By Camilla G Lunde, on 8 January 2016

Being on the UCL’s MA Publishing course has been one of the most fantastic opportunities I’ve ever had. While having been able to make more friends and learn new things, I’ve also been able to boost my chances of getting into the industry and securing a career.

When I look back on the first week of the course, I remember worrying so much, because I didn’t know if this was the right course for me. The main reason for this was searching on Twitter for my new course mates and finding that the majority of them were English or Literature graduates while I was a recent graduate in Graphic Arts. I was terrified that I didn’t have the same skills the rest of my cohort had, and that I would probably fail this course.

Well, I’m writing this as I’m just about to undertake the second term, and I have to say I’m still alive! It’s been hard at times, but I really don’t regret joining this course, and it has given me confidence in skills that I thought I didn’t have and ones I didn’t think I needed from my past course.
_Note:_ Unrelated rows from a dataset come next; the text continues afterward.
(* Let $S'\le S$ be finite $p$-groups, $\mathcal{F}_1$ a fusion system over $S$, $\mathcal{F}_2,\mathcal{F}_e$ fusion systems over $S'$ with $\mathcal{F}_e\subseteq\mathcal{F}_1\cap\mathcal{F}_2$, $\mathcal{F}=\langle\mathcal{F}_1,\mathcal{F}_2\rangle_S$, $\Lambda=\{\mathcal{F}_1,\mathcal{F}_2,\mathcal{F}_e\}$, and $\mathcal{C}$ a family of subgroups of $S$ containing $S'$ and closed under $\mathcal{F}$-conjugation and overgroups. Let $P\in\mathcal{C}$ and assume that for every $Q\cong_{\mathcal{F}}P$, $\operatorname{Hom}_{\mathcal{F}_e}(Q,S')=\operatorname{Hom}_{\mathcal{F}_1}(Q,S')\cap\operatorname{Hom}_{\mathcal{F}_2}(Q,S')$, and that either (1) $\operatorname{Hom}_{\mathcal{F}}(P,S')=\operatorname{Hom}_{\mathcal{H}}(P,S')$ for some $\mathcal{H}\in\{\mathcal{F}_1,\mathcal{F}_2\}$, or (2) $\operatorname{Aut}_{\mathcal{F}}(P)=\operatorname{Aut}_{\mathcal{F}_2}(P)$ and, for every $Q$ with $Q\cong_{\mathcal{F}}P$ but $Q\not\cong_{\mathcal{F}_e}P$, $\operatorname{Hom}_{\mathcal{F}_e}(Q,S')=\operatorname{Hom}_{\mathcal{F}_2}(Q,S')$. Then the graph $\operatorname{Rep}_{\mathcal{F}}(P,\Lambda)$ is a tree. In particular $H_1(\operatorname{Rep}_{\mathcal{F}}(P,\Lambda);\mathcal{R})=0$ for every commutative ring $\mathcal{R}$.
   Context: $\langle\mathcal{F}_1,\mathcal{F}_2\rangle_S$ is the smallest fusion system over $S$ containing both. For a fusion system $\mathcal{H}$ over $S_{\mathcal{H}}$ ($S_{\mathcal{F}_1}=S$, $S_{\mathcal{F}_2}=S_{\mathcal{F}_e}=S'$), $\operatorname{Rep}_{\mathcal{F}}(P,\mathcal{H})=\operatorname{Hom}_{\mathcal{F}}(P,S_{\mathcal{H}})/\sim$ where $\varphi\sim\psi$ iff there is an $\mathcal{H}$-isomorphism $\theta:\varphi(P)\to\psi(P)$ with $\theta\varphi=\psi$. $\operatorname{Rep}_{\mathcal{F}}(P,\Lambda)$ is the bipartite graph with vertex set $\operatorname{Rep}_{\mathcal{F}}(P,\mathcal{F}_1)\sqcup\operatorname{Rep}_{\mathcal{F}}(P,\mathcal{F}_2)$ and edge set $\operatorname{Rep}_{\mathcal{F}}(P,\mathcal{F}_e)$, the edge $[\varphi]_{\mathcal{F}_e}$ joining $[\varphi]_{\mathcal{F}_2}$ and $[\iota_{S'}^S\varphi]_{\mathcal{F}_1}$. *)

From mathcomp Require Import all_boot all_order all_algebra all_fingroup all_solvable.
Set Implicit Arguments. Unset Strict Implicit. Unset Printing Implicit Defensive.
Import GRing.Theory.

(* A fusion system is encoded by a boolean predicate  F P f  meaning:        *)
(*   "the restriction of f to P is a morphism in Hom_F(P, S)".               *)
(* Morphisms are represented by finite functions gT -> gT; only their        *)
(* values on P matter (axiom fs_ext).                                        *)

Section Fusion.
Variable gT : finGroupType.

Definition fsys := {set gT} -> {ffun gT -> gT} -> bool.

Definition conjf (s : gT) : {ffun gT -> gT} := [ffun x : gT => (x ^ s)%g].
Definition compf (g f : {ffun gT -> gT}) : {ffun gT -> gT} := [ffun x => g (f x)].

Definition is_fusion_system (S : {set gT}) (F : fsys) : Prop :=
  [/\
      (forall P f, F P f ->
         [/\ group_set P, P \subset S, {in P &, {morph f : x y / (x * y)%g}},
             {in P &, injective f} & f @: P \subset S]),
      (forall P (f g : {ffun gT -> gT}), F P f -> {in P, f =1 g} -> F P g),
      (forall P s, group_set P -> P \subset S -> s \in S -> F P (conjf s)),
      (forall P Q (f g : {ffun gT -> gT}), F P f -> F Q g -> f @: P \subset Q -> F P (compf g f)) &
      (forall P f, F P f ->
         exists g : {ffun gT -> gT}, F (f @: P) g /\ {in P, forall x, g (f x) = x})].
I’ve found that I’ve done a lot more designing and illustrations than I had done in my year after my graduation!

So here are a few tips for those who are interested in applying for the 2016-2017 MA Publishing course but who might not have an English/Literature BA degree. Hopefully, it will encourage and inspire you to use your skills to your advantage!

  • Don’t feel intimidated!

On the first day of the course, you and every other of your classmates will be in the same boat. You will all be learning together, so there is no level of disadvantage for anyone. Just try to keep positive and remember you are on the course because you share the same passions and interests as those of your classmates, no matter if you’ve studied a different course!

  • Use your skills to your advantage!

Publishing has many varied areas from design to finance. So there are plenty of opportunities for the skills you have learned to shine! The skills you have will always work as an advantage to you and help to make you stand out from the others on the course. Also, if they are taught in class and people are struggling, make sure you’re available to give them a helping hand. It’s also key to keep your skills on your publishing CV, even though they may not seem relatable – you never know if they may come in handy.

  • Take as many opportunities as you can!

From internships to a call for help from tutors – make sure they know what you are skilled and interested in. If you work hard and show you’re interested with your skills, you will get noticed. It’s so important in the professional world to demonstrate you have a unique selling point because you’ll be more memorable to people who may have a job for you under their sleeves!

These are tips that I have learned from this first term on the course. It’s so important to make sure that you believe in yourself, and if you have a strong love for books and a passion for reading – you’ll fit in here just fine!

Good luck to you if you’re just about to send in your application, or just about to finish your graduate exams. Hope to see you soon at UCL!